Tintoretto, Fragment of Sala dell’Albergo ceiling decoration, Scuola de San Rocco, Venice, 1565–67

* This and subsequent quotes and commentary are from Jean Charlot’s translation and annotation of Rivera’s handwritten notes in the margins of his sketches. See Jean Charlot: Diego Rivera in Italy, Magazine of Art, January, 1953.

Diego Rivera

Sketch after Tintoretto’s Fragment of Sala dell’Albergo ceiling decoration Pencil on paper 5 x 8 inches Venice, 1920–21

In Verona, Rivera called “magnificent” Bonsignori’s Madonna, steeped in Mantegna’s spirit. In Rivera’s sketch, the infant Christ, sterner than in Bonsignori’s painting, lies forlornly on the slablike cube of cubism on the esthetic rack of scientific perspective.
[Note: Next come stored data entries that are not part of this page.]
(* Let $q=3^r>3$, and let $$\bar f_2(x_1,x_2)=t\bigl(x_1^{q-4}+x_2^{q-2}\bigr).$$ Then the polynomial $t\bigl(\bar f_2(x_1,x_2)+x_3^{q-2}\bigr)\in\mathbb{F}_q[x_1,x_2,x_3]$, reduced modulo $x_j^q-x_j$, has degree $3(q-2)$.
   Context: $\mathbb{F}_q$ is the finite field with $q$ elements, and $$t(x)=x+\sum_{k=0}^{q-2}x^k\in\mathbb{F}_q[x];$$ this polynomial swaps $0$ and $1$ and fixes every other element. Degree means the total degree of the reduced representative (degree $<q$ in each variable). *)

From HB Require Import structures.
From mathcomp Require Import all_boot all_order all_algebra all_field.
From mathcomp Require Import mpoly.
Set Implicit Arguments. Unset Strict Implicit. Unset Printing Implicit Defensive.
Import GRing.Theory.
Local Open Scope ring_scope.

Definition tpoly (R : ringType) (q : nat) (x : R) : R :=
  x + \sum_(k < q.-1) x ^+ k.

(* Reduction of an exponent e modulo x^q = x: 0 stays 0, e>0 becomes the
   unique e' in {1..q-1} with e' = e mod (q-1). *)
Definition red_exp (q e : nat) : nat :=
  if e == 0%N then 0%N else ((e.-1 %% q.-1).+1)%N.

Definition red_mnm (n q : nat) (m : 'X_{1..n}) : 'X_{1..n} :=
  [multinom red_exp q (m i) | i < n].

(* The reduced representative of p modulo the ideal (x_j^q - x_j)_j:
   replace each monomial by its reduction. *)
Definition reduce (n : nat) (R : comRingType) (q : nat) (p : {mpoly R[n]})
  : {mpoly R[n]} :=
  \sum_(m <- msupp p) p@_m *: 'X_[red_mnm q m].

(* Total degree of a polynomial (degree of 0 taken as 0). *)
Definition tdeg (n : nat) (R : comRingType) (p : {mpoly R[n]}) : nat :=
  (msize p).-1.

From HB Require Import structures.
From mathcomp Require Import all_boot all_order all_algebra all_field.
From mathcomp Require Import mpoly.
From mathcomp Require Import ring zify.
Set Implicit Arguments. Unset Strict Implicit. Unset Printing Implicit Defensive.
Import GRing.Theory.
Local Open Scope ring_scope.

(* Over F_q, for 0 < m_i <= q - 1 the coefficient of x^m in the reduction of a polynomial P in
   n variables is (-1)^n sum_v P(v) prod_i v_i^(q-1-m_i), because sum_x x^j is -1 when j > 0 and
   q - 1 divides j, and 0 otherwise.  In characteristic 3, x^(q-2) = x^-1 and x^(q-4) = x^-3, so
   P evaluates to f(a,b,c) = t(t(a^-3 + b^-1) + c^-1), a bijection in each variable: the sum
   vanishes as soon as some m_i = q - 1, which bounds the degree of the reduction by 3(q-2).  For
   m = (q-2,q-2,q-2) the sum is sum f(a,b,c) abc; summing over c, then b, then a by partial
   fractions (with 0^-1 = 0) gives -14 = 1, so this monomial survives. *)

Lemma natr_card_finNzRing (R : finNzRingType) : (#|R|%:R : R) = 0.
Proof.
have : \sum_(x : R) x = \sum_(x : R) (1 + x) := reindex_inj (addrI 1).
rewrite big_split sumr_const cardT -cardE -mulr_natl mulr1 => /eqP.
by rewrite eq_sym -subr_eq0 addrK => /eqP.
Qed.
Francesco Bonsignori, La Madonna con il Bambino, 1481, Museo del Castelvecchio, Verona

Diego Rivera

Sketch after Bonsignori’s La Madonna con il Bambino Pencil on paper 8 x 5 inches Verona, 1920–21

Diego Rivera

Sketch of unidentified Madonna with notes and date of 1487 Pencil on paper 8 x 5 inches Italy, 1920–21

The note scribbled in the margin of the sketch is partly autobiographical: “Surface composition with golden section, the half and square of the picture. Mediocre painter. Construction depending too much on foreshortenings and accidental postures in depth, stressing surface lines. Try to avoid this defect; danger for myself.”

Diego Rivera

Sketch after a work by Giovanni Caroto Pencil on paper 8 x 5 inches Verona, 1920–21

“Excellent surface composition. Birds the size of angels, angels the size of live birds. St. Catherine seemingly feeds a bird while receiving from an angel the palm of martyrdom. Angels’ heads are as big as are the roses in the mystical rosebush of Stefano da Verona. “The Virgin and Child. All is gold outside of paradise. Within, all idea of optical scale is destroyed and all is in the spiritual order. It is extremely truthful and gentle.”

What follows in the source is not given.